Evidemment que l’Etat le comprend. Cet Etat qui dispose d’une armée de hauts gradés et d’une force de dissuasion à l’affût du moindre citoyen atrabilaire, mais qui n’a pas de pilote. Cet Etat très préoccupé à défendre ses forts, traqué par l’hypnose d’une tentative de coup d’Etat, mais qui n’a pas de pilote. Ainsi, restent livrées à elles-mêmes, les populations d’Atsimo Andrefana – pour ne parler que d’elles, enclavées dans leurs villages éloignés, à la merci des bandits. « Neuf cent trois zébus, sont tombés entre  les mains d’une centaine de bandits de grand-chemin. Trois hommes en treillis, brandissant chacun un Kalac­hnikov, étaient à la tête de cette armée de dahalo.
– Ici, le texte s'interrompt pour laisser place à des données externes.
(* Assume the Smoothness Assumption and the Extended KŁ Assumption (see context), and $r>\rho$. Let $y\in\mathcal Y$, $z\in\mathbb R^{d_x}$, let $y(z)$ be any element of $\arg\max_{y'\in\mathcal Y}d_r(y',z)$, and let $y_+(z)=\mathrm{proj}_{\mathcal Y}\big(y+\alpha_y\nabla_yF(x_r(y,z),y)\big)$ with $\alpha_y>0$. Then $$\|x_r(y(z),z)-x_r(y_+(z),z)\|^2\le\varpi\|y-y_+(z)\|^2\quad\text{if }\theta\in[0,\tfrac12],$$ $$\|x_r(y(z),z)-x_r(y_+(z),z)\|^2\le\kappa\|y-y_+(z)\|^{1/\theta}\quad\text{if }\theta\in(\tfrac12,1],$$ where $\varpi=\frac{2(\ell D_{\mathcal Y})^{1-2\theta}}{r-\rho}\cdot\frac{\frac2{\alpha_y^2}+2L_y^2\sigma_2^2+2L_y^2}{\mu^2}$, $\kappa=\frac2{r-\rho}\Big(\frac{\sqrt{\frac2{\alpha_y^2}+2L_y^2\sigma_2^2+2L_y^2}}{\mu}\Big)^{1/\theta}$, and $\sigma_2=2+\frac{L_y}{r-\rho}$.
   Context: Let $\mathcal X\subseteq\mathbb R^{d_x}$, $\mathcal Y\subseteq\mathbb R^{d_y}$ be nonempty closed convex sets, $\mathbb P$ a distribution on $\Xi$, $f:\mathbb R^{d_x}\times\mathbb R^{d_y}\times\Xi\to\mathbb R$, $F(x,y)=\mathbb E_{\xi\sim\mathbb P}[f(x,y;\xi)]$. Smoothness Assumption: (i) $\mathcal Y$ compact with diameter $D_{\mathcal Y}$; (ii) $\mathbb E|f(x_1,y_1;\xi)-f(x_2,y_2;\xi)|\le\ell(\|x_1-x_2\|+\|y_1-y_2\|)$ on $\mathcal X\times\mathcal Y$; (iii) for all $x,x_i\in\mathcal X$, $y,y_i\in\mathcal Y$: $\mathbb E\|\nabla_xf(x_1,y;\xi)-\nabla_xf(x_2,y;\xi)\|^2\le L_x^2\|x_1-x_2\|^2$, $\mathbb E\|\nabla_xf(x,y_1;\xi)-\nabla_xf(x,y_2;\xi)\|^2\le L_y^2\|y_1-y_2\|^2$, $\mathbb E\|\nabla_yf(x_1,y_1;\xi)-\nabla_yf(x_2,y_2;\xi)\|^2\le L_y^2(\|x_1-x_2\|^2+\|y_1-y_2\|^2)$; (iv) $F(\cdot,y)+\frac\rho2\|\cdot\|^2$ convex on $\mathcal X$ for each $y\in\mathcal Y$; (v) $\mathbb E[\nabla f(x,y;\xi)\mid(x,y)]=\nabla F(x,y)$ with variance bounds $\sigma_x^2,\sigma_y^2$ for the $x$- and $y$-gradients; (vi) $\max_y\min_xF\ge\underline F$. Extended KŁ Assumption: there exist $\mu>0$, $\theta\in[0,1]$ with $\mathrm{dist}(0,-\nabla_yF(x,y)+\mathcal N_{\mathcal Y}(y))\ge\mu(\max_{y'\in\mathcal Y}F(x,y')-F(x,y))^\theta$ for all $x\in\mathcal X,y\in\mathcal Y$ ($\mathcal N_{\mathcal Y}$ the normal cone). Notation: $F_r(x,y,z)=F(x,y)+\frac r2\|x-z\|^2$, $x_r(y,z)=\arg\min_{x\in\mathcal X}F_r(x,y,z)$, $d_r(y,z)=\min_{x\in\mathcal X}F_r(x,y,z)$. *)

From HB Require Import structures.
From mathcomp Require Import all_boot all_order all_algebra.
From mathcomp Require Import all_classical all_reals all_analysis.
Set Implicit Arguments. Unset Strict Implicit. Unset Printing Implicit Defensive.
Import Order.TTheory GRing.Theory Num.Theory.
Import numFieldNormedType.Exports.
Local Open Scope classical_set_scope.
Local Open Scope ring_scope.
La valeur du bétail dérobé s’élève à près de six cents millions d’ariary », résume l’Express de Madagascar. Et pas de pilote pour faire voler cet hélicoptère qui serait d’une aide capitale pour pourchasser les malfaiteurs et sécuriser les paysans.

 

Evidemment, dire que rien ne marche serait exagéré. Le même hélicoptère aujourd’hui cloué au sol a pris son envol pour sécuriser la visite du SG de l’ONU, Ban Ki Moon, les 10 et 11 mai. Preuve que le mécanisme fonctionne, en temps et circonstances voulus. La sécurité des Malgaches des localités éloignées ne fait pas partie de circonstances voulues, ni aujourd’hui, ni hier. Et bien qu’ils soient majoritaires, il semble toujours exister une explication à leur situation : les erreurs passées, évidemment. Le manque de budget, assurément. L’insuffisance de personnels capables, sans doute.  La désorganisation, effectivement. Ou bien, tout bêtement, sont-ils trop éloignés d’Ambohitsorohitra, ces Andranolava, ces Ankozoabo, ces Angodongodona, ces Ebona… Trop éloignés, et donc invisibles. Trop peu de poids, et donc, négligeables.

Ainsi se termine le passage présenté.